Print out all the records, word for word.

START Dataset extract

Lemma det_le_value n (A : 'M[R]_n.+1) : 0 < s -> 0 <= t ->
  in_Gs s (fun x => (0 <= x) && (x <= t)) A -> `|\det A| <= value n (1, 0).
Proof.
move=> s_gt0 t_ge0 hessA.
rewrite (det_hessenberg (lt0r_neq0 s_gt0) hessA) normrM normrX normrN1 expr1n mul1r.
apply: hess_minor_le_value => //; first exact: ltW.
move=> i j /andP [le_ij le_jn]; have [_ [_]] := hessA (inord i) (inord j); apply.
by rewrite !inordK // ltnS // (leq_trans le_ij).
Qed.

Lemma exists_det_value n : 0 < s -> 0 <= t ->
  exists A : 'M[R]_n.+1,
    in_Gs s (fun x => (0 <= x) && (x <= t)) A /\ `|\det A| = value n (1, 0).
Proof.
move=> s_gt0 t_ge0.
have [c value_c] := value_walk n (1, 0).
set w := walk c n (1, 0) in value_c.
have [w1_ge0 w2_ge0] : 0 <= w.1 /\ 0 <= w.2 by apply: walk_ge0 => //; apply: ltW.
pose g k := if k is k'.+1 then (if k' == n then w.1 <= w.2 else c k') else true.
pose A : 'M[R]_n.+1 := \matrix_(i, j)
  if (i <= j)%N then pattern g i j else if i == j.+1 :> nat then s else 0.
have hessA : in_Gs s (fun x => (0 <= x) && (x <= t)) A.
  move=> i j; rewrite !mxE; split; [|split].
  - by move=> ->; rewrite ltnn eqxx.
  - by move=> lt_ji; rewrite leqNgt (ltn_trans _ lt_ji) ?gtn_eqF.
  - by move=> ->; rewrite /pattern; case: ifP => _; rewrite lexx t_ge0.
exists A; split => //.
rewrite (det_hessenberg (lt0r_neq0 s_gt0) hessA) normrM normrX normrN1 expr1n mul1r.
have -> : hess_minor (fun i j => A (inord i) (inord j)) s n.+1 = hess_minor (pattern g) s n.+1.
  apply: (@eq_hess_minor _ _ _ s n.+1) => // i j /andP [le_ij lt_jn].
  by rewrite mxE !inordK ?le_ij // (leq_ltn_trans le_ij).
rewrite hess_minor_pattern // (@eq_walk _ c) => [|i lt_in]; last by rewrite /g ltn_eqF.
rewrite value_c /= eqxx -/w; case: leP => [le_w|lt_w].
- by rewrite ger0_norm ?mulr_ge0 // (max_idPr le_w).
- by rewrite normrN ger0_norm ?mulr_ge0 // (max_idPl (ltW lt_w)).
Qed.

End Value.

Section ClosedForm.
Variables (R : realFieldType) (s t : R).
Hypotheses (t_gt0 : 0 < t) (t_le_s : t <= s) (s2_le : s ^+ 2 <= 2 * t ^+ 2)
  (cubic_ge0 : 0 <= t ^+ 3 - t ^+ 2 * s + 2 * t * s ^+ 2 - s ^+ 3).
Implicit Types (b : bool) (f g h p : R * R).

END Dataset extract

Response to the exercise |
Lemma det_le_value n (A : 'M[R]_n.+1) : 0 < s -> 0 <= t ->
  in_Gs s (fun x => (0 <= x) && (x <= t)) A -> `|\det A| <= value n (1, 0).
Proof.
move=> s_gt0 t_ge0 hessA.
rewrite (det_hessenberg (lt0r_neq0 s_gt0) hessA) normrM normrX normrN1 expr1n mul1r.
apply: hess_minor_le_value => //; first exact: ltW.
move=> i j /andP [le_ij le_jn]; have [_ [_]] := hessA (inord i) (inord j); apply.
by rewrite !inordK // ltnS // (leq_trans le_ij).
Qed.

Lemma exists_det_value n : 0 < s -> 0 <= t ->
  exists A : 'M[R]_n.+1,
    in_Gs s (fun x => (0 <= x) && (x <= t)) A /\ `|\det A| = value n (1, 0).
Proof.
move=> s_gt0 t_ge0.
have [c value_c] := value_walk n (1, 0).
set w := walk c n (1, 0) in value_c.
have [w1_ge0 w2_ge0] : 0 <= w.1 /\ 0 <= w.2 by apply: walk_ge0 => //; apply: ltW.
pose g k := if k is k'.+1 then (if k' == n then w.1 <= w.2 else c k') else true.
pose A : 'M[R]_n.+1 := \matrix_(i, j)
  if (i <= j)%N then pattern g i j else if i == j.+1 :> nat then s else 0.
have hessA : in_Gs s (fun x => (0 <= x) && (x <= t)) A.
  move=> i j; rewrite !mxE; split; [|split].
  - by move=> ->; rewrite ltnn eqxx.
  - by move=> lt_ji; rewrite leqNgt (ltn_trans _ lt_ji) ?gtn_eqF.
  - by move=> ->; rewrite /pattern; case: ifP => _; rewrite lexx t_ge0.
exists A; split => //.
rewrite (det_hessenberg (lt0r_neq0 s_gt0) hessA) normrM normrX normrN1 expr1n mul1r.
have -> : hess_minor (fun i j => A (inord i) (inord j)) s n.+1 = hess_minor (pattern g) s n.+1.
  apply: (@eq_hess_minor _ _ _ s n.+1) => // i j /andP [le_ij lt_jn].
  by rewrite mxE !inordK ?le_ij // (leq_ltn_trans le_ij).
rewrite hess_minor_pattern // (@eq_walk _ c) => [|i lt_in]; last by rewrite /g ltn_eqF.
rewrite value_c /= eqxx -/w; case: leP => [le_w|lt_w].
- by rewrite ger0_norm ?mulr_ge0 // (max_idPr le_w).
- by rewrite normrN ger0_norm ?mulr_ge0 // (max_idPl (ltW lt_w)).
Qed.

End Value.

Section ClosedForm.
Variables (R : realFieldType) (s t : R).
Hypotheses (t_gt0 : 0 < t) (t_le_s : t <= s) (s2_le : s ^+ 2 <= 2 * t ^+ 2)
  (cubic_ge0 : 0 <= t ^+ 3 - t ^+ 2 * s + 2 * t * s ^+ 2 - s ^+ 3).
Implicit Types (b : bool) (f g h p : R * R).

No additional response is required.